What Your Compiler Has to Do!
-
Your compiler must successfully parse any valid input
file.
-
Your compiler must generate the correct AST. If you have the
correct associativity and precedence, your tree (the .pdf file
generated from the .dot file, produced by ast2dot)
will look exactly like ours. In main.cpp, you will
see that we call a function ast2dot(). This will walk
through the AST you just generated and print out a .dot
file.
-
We have made available a few test files
(test1.lang,
test2.lang, and
test3.lang)
and the corresponding trees - as PDF - produced by our
compiler
(test1.pdf,
test2.pdf, and
test3.pdf). Please
check your program results against these outputs.

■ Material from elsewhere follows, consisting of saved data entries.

Fixpoint level (t : ctype) : nat :=
  match t with
  | CConst _ | CTVar _ | COmega => 0
  | CCons _ s => (level s).+1
  | CArr a b => (maxn (level a) (level b)).+1
  | CInt a b => maxn (level a) (level b)
  end.

Fixpoint csubst (S : nat -> ctype) (t : ctype) : ctype :=
  match t with
  | CTVar a => S a
  | CArr a b => CArr (csubst S a) (csubst S b)
  | CInt a b => CInt (csubst S a) (csubst S b)
  | CCons c s => CCons c (csubst S s)
  | t => t
  end.

Inductive cterm (N : Type) : Type :=
| CName : N -> cterm N
| CApp  : cterm N -> cterm N -> cterm N.
Arguments CName {N}.
Arguments CApp {N}.

(* Delta |-_k E : t ; a substitution S acts as the identity outside its
   domain, so level(S) <= k is "every S a has level <= k". *)
Inductive bcl (N : Type) (Delta : N -> ctype) (k : nat) : cterm N -> ctype -> Prop :=
| bcl_var C S : (forall a, level (S a) <= k) -> bcl Delta k (CName C) (csubst S (Delta C))
| bcl_app E1 E2 s t : bcl Delta k E1 (CArr s t) -> bcl Delta k E2 s ->
    bcl Delta k (CApp E1 E2) t
| bcl_int E s t : bcl Delta k E s -> bcl Delta k E t -> bcl Delta k E (CInt s t)
| bcl_sub E s t : bcl Delta k E s -> csub s t -> bcl Delta k E t.

Definition crec (t : ctype) : ctype := CCons CRecord t.

Fixpoint trans (L : seq label) (t : ty) : option ctype :=
  match t with
  | TConst a => Some (CConst a)
  | TOmega => Some COmega
  | TArr a b =>
      match trans L a, trans L b with Some x, Some y => Some (CArr x y) | _, _ => None end
  | TInt a b =>
      match trans L a, trans L b with Some x, Some y => Some (CInt x y) | _, _ => None end
  | TField l s =>
      if l \in L then
        match trans L s with Some x => Some (crec (CCons (CLabel l) x)) | None => None end
      else None
  | TEmpty => Some (crec COmega)
  | TPlus _ _ => None
  end.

If you find that there is a discrepancy, convince yourself that your tree is correct first, and then please let us know so that we can fix potential bugs in our reference implementation.
Deliverables
Like for the previous project, we are using Gradescope (and its
auto-grader feature) to grade this assignment and your submissions.
- Once you are done with your scanner/parser, go to the third assignment and submit your code.
- For this project, please just submit your "lexer.l" and "parser.ypp" files. We supply the rest and build your project.
- We do not show you the test cases and the expected output, but you should get some feedback about the types of tests that your submission passes and where it fails.
- You can make a new submission once every hour. Make sure you thoroughly test your program locally, and don't (ab)use the auto-grader as a test harness.
|